Red Oak is a porous wood. White Oak is not. You didn't say which one it is. With what you've already done, clean the BLO off with mineral spirits. If anything use plain mineral oil.












 





.
.


----------



## jack warner (Oct 15, 2010)

there are over 600 species of oak and although whgite oak is a little more dence, with a tighter grain there are several white oak species that are very pouris. one that comes to mind is chestnut oak.
anyway...i wouldnt use thinners on something your gonna cut food on. i use 100% tung oil on cutting boards, although you have to wait a couple of weeks in between coats for drying.


----------



## Longknife (Oct 25, 2010)

First of all, the oil which is not drawn into the wood after 20 minutes should be wiped off otherwise you will have that "gummy" effect. Repeat with new oiling/wiping until there are no dry spots anymore.

Boiled linseed oil will have less ability to penetrate the wood than raw oil. The boiling make the molecules larger. The benefit of boiled oil is that it dries must faster.

In general linseed oil is not suitable for items that are in contact with food. It will get the food a bad taste. Instead I use liquid paraffin for such items.

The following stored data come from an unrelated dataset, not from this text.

(* G has an induced subgraph isomorphic to the bipartite graph with
   biadjacency matrix B (isomorphisms may swap the two sides, which
   corresponds to transposing B). *)
Definition has_induced (I J : Type) (E : I -> J -> bool)
    (B : 'I_3 -> 'I_3 -> bool) : Prop :=
  exists (f : 'I_3 -> I) (g : 'I_3 -> J), injective f /\ injective g /\
    ((forall a b, E (f a) (g b) = B a b) \/
     (forall a b, E (f a) (g b) = B b a)).

Definition eta4 (R : realType) : R :=
  Num.sqrt (169 + 38 * Num.sqrt 19) / 15.

From HB Require Import structures.
From mathcomp Require Import all_boot all_order all_algebra.
From mathcomp Require Import boolp classical_sets reals constructive_ereal ereal.
From mathcomp Require Import complex.
From mathcomp Require Import ring lra.
Import Order.TTheory GRing.Theory Num.Theory.

Set Implicit Arguments.
Unset Strict Implicit.
Unset Printing Implicit Defensive.

(* (1) Let [r] have neighbours [c0, c1, c2].  By twin-freeness some row separates [c0]
   and [c1]; a nonconstant row on three columns separates exactly two of the three
   pairs, so with one more separating row we get rows [s], [s'] separating all pairs.
   The rows [s], [r], [s'] on the columns [c0, c1, c2] then induce, up to reordering,
   one of [B1], [B2], [B3] -- a finite check.
   (2) The Schur norm of [G] is at least [y^T (M(H) • U) x] for every induced
   subgraph [H] on three rows and columns, orthogonal [U] and real unit vectors [y],
   [x], since [U] extended by zero is a contraction.  For [U] in the family
   [rot_mx c e] and explicit [y], [x] this gives [eta4] for each of [B1], [B2], [B3],
   so by (1) [||G|| < eta4] forces [deg G <= 2].  If [deg G <= 1] then for every
   contraction [X] the entries of [M(G) • X] have modulus at most 1 and form a partial
   matching, so [||G|| <= 1] by AM-GM. *)

Definition o0 : 'I_3 := Ordinal (isT : (0 < 3)%N).
Definition o1 : 'I_3 := Ordinal (isT : (1 < 3)%N).
Definition o2 : 'I_3 := Ordinal (isT : (2 < 3)%N).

Also remember to dispose of your wiping rags in a safe way. Linseed oil is likely to self-combustion.


----------



## woodmeistro (Jul 9, 2010)

Thanks, I will try cleaning the sticky stuff off with MS and then go with mileral oil. Red oak was used because it was FREE, I acquired about 40 peices of 6/4 x 6'' x 6' a while back and am glad to use it up. I did let the first coat set for about 3-4 days and the second has been sitting now for well over a week. thanks again for the input


----------



## TimPa (Jan 27, 2010)

as cman said, mineral oil is the best choice for food prep wood finish. i wouldn't worry about the oak, studies find that the food handling is 99.9% responsible for the cutting board safety. and, the high quality cutting boards are end grain on the cutting surface, how much more porous can you get from a piece of wood.

http://faculty.vetmed.ucdavis.edu/faculty/docliver/Research/cuttingboard.htm


----------



## jack warner (Oct 15, 2010)

very interesting read tim thanx, although i have never seen and end grain cutting board


----------



## Wood4Fun (Aug 29, 2008)

jack warner said:


> very interesting read tim thanx, although i have never seen and end grain cutting board


oh, I bet you have and just didn't think about it. Most professional cutting boards are end grain.

Here is a picture of one (of 12) I made for Christmas gifts last year...


----------



## jack warner (Oct 15, 2010)

that is very posible. i did a google search on pro cutting boards and didnt see any.
but thats a purdy one you have there


----------